Before I begin, I would like to thank the staff for the hard work that is reflected in the recommendations before us.

The widespread ramifications of the financial crisis demand an in-depth review into what happened and significant reform in areas where the crisis has revealed that change is needed.1 The securitization market is one such area.2 With the benefit of hindsight, investors have said that "[t]he structures and mechanisms that have defined the securitization market to date have been constructed by issuers, underwriters, credit ratings agencies, and asset servicers with minimal disclosure-based, procedural, or substantive regulation by Congress, financial regulators, or the SEC."3 Investors are demanding more information and a better regulatory framework that will support healthy and efficient markets.4 Today's proposals begin the dialogue to address structural inequities in the asset-backed securities markets, and I hope that Congress will grant the Commission the authority to do more.

The rules proposed today are designed to respond to the lessons learned in the crisis and the demands of investors. The proposals would provide additional tools and information to investors and other participants to allow them to better assess asset-backed securities. This disclosure is intended to arm investors with additional information about cash flows to investors, the securitized pool and, with limited exceptions, information about the assets underlying the pool. The approach is designed to provide investors with a comprehensive picture. I am interested to hear from the public about whether our rule proposals go far enough to require the key disclosures to put investors on an equal footing with issuers.
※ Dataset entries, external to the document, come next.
(* Let $\mathcal N$ be an NDCS network with parties $A_1,\dots,A_n$, let $p$ be the output distribution of a causally consistent model on $\mathcal N$ (finite output alphabets), and let $f_i$ be arbitrary complex-valued functions of the outputs $a_i$. Then for every twisted Gram matrix $W$ (for any $d$, any vectors $\ket{\psi_1},\dots,\ket{\psi_n}\in\mathbb C^d$ and any permutations $\pi_i^\alpha$), the Schur product $\mathcal C(f_1,\dots,f_n)\circ W$ is positive semidefinite.
   Context: A network $\mathcal N$ is a bipartite graph between sources $S_\alpha$ and parties $A_i$ ($i=1,\dots,n$); $\alpha\to i$ means $S_\alpha$ is adjacent to $A_i$; no isolated vertices, and no two sources with comparable sets of adjacent parties. $\mathcal N$ is NDCS if any two distinct parties have at most one common adjacent source. Covariance matrix: $\mathcal C(f_1,\dots,f_n)_{ij}=\mathbb E[\bar f_i f_j]-\mathbb E[\bar f_i]\,\mathbb E[f_j]$. The Schur product is $(M\circ N)_{ij}=M_{ij}N_{ij}$. Twisted Gram matrix: given $d$, vectors $\ket{\psi_1},\dots,\ket{\psi_n}\in\mathbb C^d$, and for every pair $(\alpha,i)$ with $\alpha\to i$ a permutation $\pi_i^\alpha$ of $\{1,\dots,d\}$ with permutation matrix $P_{\pi_i^\alpha}$ ($P_{\pi}\ket x=\ket{\pi(x)}$), a twisted Gram matrix is an $n\times n$ Hermitian matrix $W$ with $W_{ii}=\langle\psi_i|\psi_i\rangle$ and $W_{ij}=\bra{\psi_i}P_{\pi_i^\alpha}^\dagger P_{\pi_j^\alpha}\ket{\psi_j}$ whenever $i\neq j$ and $\alpha\to i,j$ (well-defined by NDCS); entries $W_{ij}$ with $i\neq j$ sharing no source are arbitrary (subject to $W$ being Hermitian). Non-fanout inflation of order $d\ge 2$: choose, for every pair $(\alpha,i)$ with $\alpha\to i$, a permutation $\pi_i^\alpha$ of $\{1,\dots,d\}$. The inflated network has parties $A_i^{(k)}$ and sources $S_\alpha^{(k)}$ ($1\le k\le d$), with $S_\alpha^{(k)}$ adjacent to $A_i^{((\pi_i^\alpha)^{-1}(k))}$ whenever $\alpha\to i$, and no other adjacencies. Causally consistent model on $\mathcal N$: a joint distribution $p(a_1,\dots,a_n)$ of the outputs of $\mathcal N$ together with, for every non-fanout inflation of every order $d\ge2$, a joint distribution of the outputs $a_i^{(k)}$ of its parties, such that: (C0) if $A_i\neq A_j$ share no source in $\mathcal N$, then $p(a_i,a_j)=p(a_i)p(a_j)$; (C1) in every inflation, each $a_i^{(k)}$ has marginal $p(a_i)$, and if $A_i^{(k)}$ and $A_j^{(l)}$ with $i\neq j$ share a source in the inflation, then $(a_i^{(k)},a_j^{(l)})$ has joint distribution $p(a_i,a_j)$; (C2) in every inflation, if two distinct parties share no source, the joint distribution of their outputs is the product of their marginals. *)

From HB Require Import structures.
From mathcomp Require Import all_boot all_order all_algebra all_fingroup.
From mathcomp Require Import reals complex.
Set Implicit Arguments. Unset Strict Implicit. Unset Printing Implicit Defensive.
Import Order.TTheory GRing.Theory Num.Theory.
Local Open Scope ring_scope.

(* A network with m sources and n parties: adj a i <=> S_a -> A_i.          *)
Definition network (m n : nat) (adj : 'I_m -> 'I_n -> bool) : Prop :=
  [/\ (forall a : 'I_m, exists i : 'I_n, adj a i),
      (forall i : 'I_n, exists a : 'I_m, adj a i) &
      (forall a b : 'I_m, a != b -> ~ (forall i, adj a i -> adj b i))].

Definition NDCS (m n : nat) (adj : 'I_m -> 'I_n -> bool) : Prop :=
  forall (i j : 'I_n) (a b : 'I_m), i != j ->
    adj a i -> adj a j -> adj b i -> adj b j -> a = b.

Definition share_src (m n : nat) (adj : 'I_m -> 'I_n -> bool) (i j : 'I_n) : bool :=
  [exists a, adj a i && adj a j].

(* Non-fanout inflation of order d given by permutations pi a i = pi_i^a   *)
(* (values at non-adjacent pairs are irrelevant).  Party A_i^(k) is (i,k).  *)
(* S_a^(k) is adjacent to A_i^(l) iff adj a i and pi a i l = k, so two      *)
(* inflated parties share a source iff the following holds.                 *)
Definition infl_share (m n d : nat) (adj : 'I_m -> 'I_n -> bool)
  (pi : 'I_m -> 'I_n -> {perm 'I_d}) (x y : 'I_n * 'I_d) : bool :=
  [exists a, [&& adj a x.1, adj a y.1 & pi a x.1 x.2 == pi a y.1 y.2]].

Section Dist.
Variables (R : realType) (O X : finType).

Definition is_dist (q : {ffun X -> O} -> R) : Prop :=
  (forall w, 0 <= q w) /\ \sum_w q w = 1.

Definition marg1 (q : {ffun X -> O} -> R) (x : X) (a : O) : R :=
  \sum_(w : {ffun X -> O} | w x == a) q w.

Definition marg2 (q : {ffun X -> O} -> R) (x y : X) (a b : O) : R :=
  \sum_(w : {ffun X -> O} | (w x == a) && (w y == b)) q w.
End Dist.

Definition causally_consistent (R : realType) (O : finType) (m n : nat)
  (adj : 'I_m -> 'I_n -> bool) (p : {ffun 'I_n -> O} -> R) : Prop :=
  is_dist p /\
  (* (C0) *)
  (forall i j : 'I_n, i != j -> ~~ share_src adj i j ->
     forall a b, marg2 p i j a b = marg1 p i a * marg1 p j b) /\
  (forall d : nat, (2 <= d)%N -> forall pi : 'I_m -> 'I_n -> {perm 'I_d},
     exists q : {ffun 'I_n * 'I_d -> O} -> R,
       is_dist q /\
       (* (C1) *)
       (forall (x : 'I_n * 'I_d) a, marg1 q x a = marg1 p x.1 a) /\
       (forall (x y : 'I_n * 'I_d), x.1 != y.1 -> infl_share adj pi x y ->
          forall a b, marg2 q x y a b = marg2 p x.1 y.1 a b) /\
       (* (C2) *)
       (forall (x y : 'I_n * 'I_d), x != y -> ~~ infl_share adj pi x y ->
          forall a b, marg2 q x y a b = marg1 q x a * marg1 q y b)).

Section Mx.
Variable R : realType.
Local Notation C := R[i].
Local Open Scope complex_scope.

Definition expect (n : nat) (O : finType) (p : {ffun 'I_n -> O} -> R)
  (g : {ffun 'I_n -> O} -> C) : C :=
  \sum_(w : {ffun 'I_n -> O}) (p w)%:C * g w.

Definition covmx (n : nat) (O : finType) (p : {ffun 'I_n -> O} -> R)
  (f : 'I_n -> O -> C) : 'M[C]_n :=
  \matrix_(i, j) (expect p (fun w => (f i (w i))^* * f j (w j))
                  - (expect p (fun w => f i (w i)))^* * expect p (fun w => f j (w j))).

Definition schur (n : nat) (M N : 'M[C]_n) : 'M[C]_n := \matrix_(i, j) (M i j * N i j).

Definition mxadj (k l : nat) (M : 'M[C]_(k, l)) : 'M[C]_(l, k) := (map_mx Num.conj M)^T.

Definition Pmx (d : nat) (s : {perm 'I_d}) : 'M[C]_d := \matrix_(y, x) (y == s x)%:R.

Definition psd (n : nat) (M : 'M[C]_n) : Prop :=
  forall v : 'cV[C]_n, 0 <= (mxadj v *m M *m v) 0 0.

Definition hermitian (n : nat) (M : 'M[C]_n) : Prop :=
  forall i j, M j i = (M i j)^*.

Definition twisted_gram (m n d : nat) (adj : 'I_m -> 'I_n -> bool)
  (psi : 'I_n -> 'cV[C]_d) (pi : 'I_m -> 'I_n -> {perm 'I_d}) (W : 'M[C]_n) : Prop :=
  [/\ hermitian W,
      (forall i, W i i = (mxadj (psi i) *m psi i) 0 0) &
      (forall (i j : 'I_n) (a : 'I_m), i != j -> adj a i -> adj a j ->
         W i j = (mxadj (psi i) *m mxadj (Pmx (pi a i)) *m Pmx (pi a j) *m psi j) 0 0)].
End Mx.

From mathcomp Require Import all_boot all_order all_algebra all_fingroup.
From mathcomp Require Import reals complex ring.
Set Implicit Arguments. Unset Strict Implicit. Unset Printing Implicit Defensive.
Import Order.TTheory GRing.Theory Num.Theory.
Local Open Scope ring_scope.
Local Open Scope complex_scope.

(* Replacing each f_i by its centred version F_i = f_i - E f_i turns the
   covariance matrix into the second-moment matrix E[F_i^* F_j].  Expanding a
   twisted Gram entry gives W_ij = sum_{k,l} [pi_i^a k = pi_j^a l] psi_i(k)^* psi_j(l),
   and by NDCS the bracket says exactly that the inflated parties A_i^(k) and
   A_j^(l) share a source in the inflation of order d built from the pi's.  The
   marginal constraints (C1)/(C2) of the inflated model q then identify every
   term of the quadratic form v^* (C o W) v with E_q[F_i(a_i^(k))^* F_j(a_j^(l))]
   (unlinked pairs contribute 0 because centred variables are uncorrelated;
   (C0) handles parties without a common source), so the form equals
   E_q |sum_(i,k) v_i psi_i(k) F_i(a_i^(k))|^2 >= 0.  When d < 2 no inflation
   is available, but then W is of rank one, W_ij = s_i^* s_j, and the form is
   E_p |sum_i v_i s_i F_i|^2. *)

Section Expectation.
Variables (R : realType) (O X : finType).
Local Notation C := R[i].
Implicit Types (q : {ffun X -> O} -> R) (g h : {ffun X -> O} -> C).

Definition Ex q g : C := \sum_w (q w)%:C * g w.

Lemma Ex_marg1 q (x : X) (h : O -> C) :
  Ex q (fun w => h (w x)) = \sum_a (marg1 q x a)%:C * h a.
Proof.
rewrite /Ex (partition_big (fun w : {ffun X -> O} => w x) xpredT) //=.
apply: eq_bigr => a _; rewrite /marg1 raddf_sum mulr_suml.
by apply: eq_bigr => w /eqP ->.
Qed.

Lemma Ex_marg2 q (x y : X) (h : O -> O -> C) :
  Ex q (fun w => h (w x) (w y)) = \sum_a \sum_b (marg2 q x y a b)%:C * h a b.
Proof.
rewrite /Ex (partition_big (fun w : {ffun X -> O} => (w x, w y)) xpredT) //=.
rewrite pair_big /=; apply: eq_bigr => -[a b] _ /=.
rewrite /marg2 raddf_sum mulr_suml.
apply: eq_big => w; first by rewrite xpair_eqE.
by rewrite xpair_eqE => /andP[/eqP -> /eqP ->].
Qed.

Lemma Ex_indep q (x y : X) (h1 h2 : O -> C) :
  (forall a b, marg2 q x y a b = marg1 q x a * marg1 q y b) ->
  Ex q (fun w => h1 (w x) * h2 (w y)) =
  (\sum_a (marg1 q x a)%:C * h1 a) * (\sum_b (marg1 q y b)%:C * h2 b).
Proof.
move=> indep; rewrite (Ex_marg2 q x y (fun a b => h1 a * h2 b)) mulr_suml.
apply: eq_bigr => a _; rewrite mulr_sumr; apply: eq_bigr => b _.
by rewrite indep rmorphM /=; ring.
Qed.

Lemma Ex_cst q (c : C) : is_dist q -> Ex q (fun _ => c) = c.
Proof. by case=> _ q1; rewrite /Ex -mulr_suml -raddf_sum /= q1 mul1r. Qed.

Lemma Ex_conj q g : (Ex q g)^* = Ex q (fun w => (g w)^*).
Proof.
rewrite /Ex rmorph_sum; apply: eq_bigr => w _.
by rewrite rmorphM; congr (_ * _); exact: conjc_real.
Qed.

Lemma Ex_sub_mean q g : is_dist q -> Ex q (fun w => g w - Ex q g) = 0.
Proof.
move=> q_dist; set e := Ex q g.
transitivity (Ex q g - Ex q (fun _ => e)); last by rewrite Ex_cst // subrr.
by rewrite /Ex -sumrB; apply: eq_bigr => w _; rewrite mulrBr.
Qed.

Lemma Ex_center q g h : is_dist q ->
  Ex q (fun w => (g w - Ex q g)^* * (h w - Ex q h)) =
  Ex q (fun w => (g w)^* * h w) - (Ex q g)^* * Ex q h.
Proof.
move=> q_dist.
have expand a b : Ex q (fun w => (g w - a)^* * (h w - b)) =
  Ex q (fun w => (g w)^* * h w) - a^* * Ex q h - Ex q (fun w => (g w)^*) * b
  + Ex q (fun _ => a^* * b).
  rewrite /Ex !mulr_sumr mulr_suml -!sumrB -big_split /=.
  by apply: eq_bigr => w _; rewrite rmorphB; ring.
by rewrite expand Ex_cst // -Ex_conj; ring.
Qed.

(* Second-moment matrices are positive semidefinite: the form is the
   expectation of | sum_x c_x F_x |^2. *)
Lemma Ex_gram_ge0 q (F : X -> O -> C) (c : X -> C) : (forall w, 0 <= q w) ->
  0 <= \sum_x \sum_y (c x)^* * c y * Ex q (fun w => (F x (w x))^* * F y (w y)).
Proof.
move=> q_ge0.
have -> : \sum_x \sum_y (c x)^* * c y * Ex q (fun w => (F x (w x))^* * F y (w y))
   = Ex q (fun w => (\sum_x c x * F x (w x))^* * (\sum_y c y * F y (w y))).
  rewrite /Ex.
  under eq_bigr => x _ do under eq_bigr => y _ do rewrite mulr_sumr.
  under eq_bigr => x _ do rewrite exchange_big.
  rewrite exchange_big; apply: eq_bigr => w _.
  rewrite rmorph_sum mulr_suml mulr_sumr; apply: eq_bigr => x _.
  rewrite mulr_sumr mulr_sumr; apply: eq_bigr => y _.
  by rewrite rmorphM; ring.
apply: sumr_ge0 => w _; apply: mulr_ge0; first by rewrite ler0c.
by rewrite mulrC; apply: mulcJ_ge0.
Qed.

End Expectation.

Section QuadraticForms.
Variable R : realType.
Local Notation C := R[i].

Lemma conjC_conjc (x : C) : Num.conj x = x^*.
Proof. by []. Qed.

Lemma mxadj_form (n : nat) (M : 'M[C]_n) (v : 'cV[C]_n) :
  (mxadj v *m M *m v) 0 0 = \sum_i \sum_j (v i 0)^* * v j 0 * M i j.
Proof.
rewrite mxE exchange_big; apply: eq_bigr => j _.
rewrite mxE mulr_suml; apply: eq_bigr => i _.
by rewrite !mxE conjC_conjc; ring.
Qed.

Lemma gram_diag (d : nat) (x : 'cV[C]_d) :
  (mxadj x *m x) 0 0 = \sum_k (x k 0)^* * x k 0.
Proof. by rewrite mxE; apply: eq_bigr => k _; rewrite !mxE conjC_conjc. Qed.

Lemma sum_delta (T : finType) (k : T) (g : T -> C) :
  \sum_l (k == l)%:R * g l = g k.
Proof.
rewrite (bigD1 k) //= eqxx mul1r big1 ?addr0 // => l lk.
by rewrite eq_sym (negbTE lk) mul0r.
Qed.

Lemma gram_twisted (d : nat) (x y : 'cV[C]_d) (s t : {perm 'I_d}) :
  (mxadj x *m mxadj (Pmx R s) *m Pmx R t *m y) 0 0 =
  \sum_k \sum_l (s k == t l)%:R * (x k 0)^* * y l 0.
Proof.
rewrite mxE exchange_big; apply: eq_bigr => l _.
rewrite mxE mulr_suml.
under [in LHS]eq_bigr => z _ do rewrite mxE !mulr_suml.
rewrite exchange_big /=; apply: eq_bigr => k _.
under eq_bigr => z _ do rewrite !mxE conjC_conjc rmorph_nat.
transitivity (\sum_z (s k == z)%:R * ((x k 0)^* * (z == t l)%:R * y l 0)).
  by apply: eq_bigr => z _; rewrite [z == s k]eq_sym; ring.
by rewrite sum_delta; ring.
Qed.

Lemma gram_diag_small (d : nat) (x y : 'cV[C]_d) : (d < 2)%N ->
  \sum_k (x k 0)^* * y k 0 = (\sum_k x k 0)^* * \sum_k y k 0.
Proof.
case: d x y => [|[|//]] x y _; first by rewrite !big_ord0 rmorph0 mul0r.
by rewrite !big_ord1.
Qed.

Lemma gram_twisted_small (d : nat) (x y : 'cV[C]_d) (s t : {perm 'I_d}) :
  (d < 2)%N ->
  \sum_k \sum_l (s k == t l)%:R * (x k 0)^* * y l 0 =
  (\sum_k x k 0)^* * \sum_k y k 0.
Proof.
case: d s t x y => [|[|//]] s t x y _; first by rewrite !big_ord0 rmorph0 mul0r.
by rewrite !big_ord1 [s _]ord1 [t _]ord1 eqxx mul1r.
Qed.

End QuadraticForms.

Section InflationSharing.
Variables (m n d : nat) (adj : 'I_m -> 'I_n -> bool) (pi : 'I_m -> 'I_n -> {perm 'I_d}).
The information asymmetry in this market between buyers and sellers must be addressed.

In addition, these rules would improve the offering process by providing investors in registered shelf offerings with a "speed bump" to allow them more time to review the prospectus and to make an informed investment decision.

The proposed rules would also require, for the first time, that substantially the same information investors receive in public offerings of asset-backed securities be provided to investors, upon request, in unregistered offerings under Regulation D and Rule 144A. This is appropriate because many have concluded that a contributing factor to the crisis was a lack of disclosure about, and understanding of, asset-backed securities — including CDOs — offered in private placements.5 While this aspect of the proposal is designed to improve the information available in unregistered offerings of structured finance products, its effectiveness could be limited. As the release points out, these proposed rules would not apply to structured finance products offered and sold under the private placement statutory exemption of Section 4(2) of the Securities Act of 1933 and the so-called Section 4(1-1/2) exemption for private resales. I am particularly interested in hearing from commenters as to their views of how best to address the problems in the unregistered structured finance market revealed by the crisis.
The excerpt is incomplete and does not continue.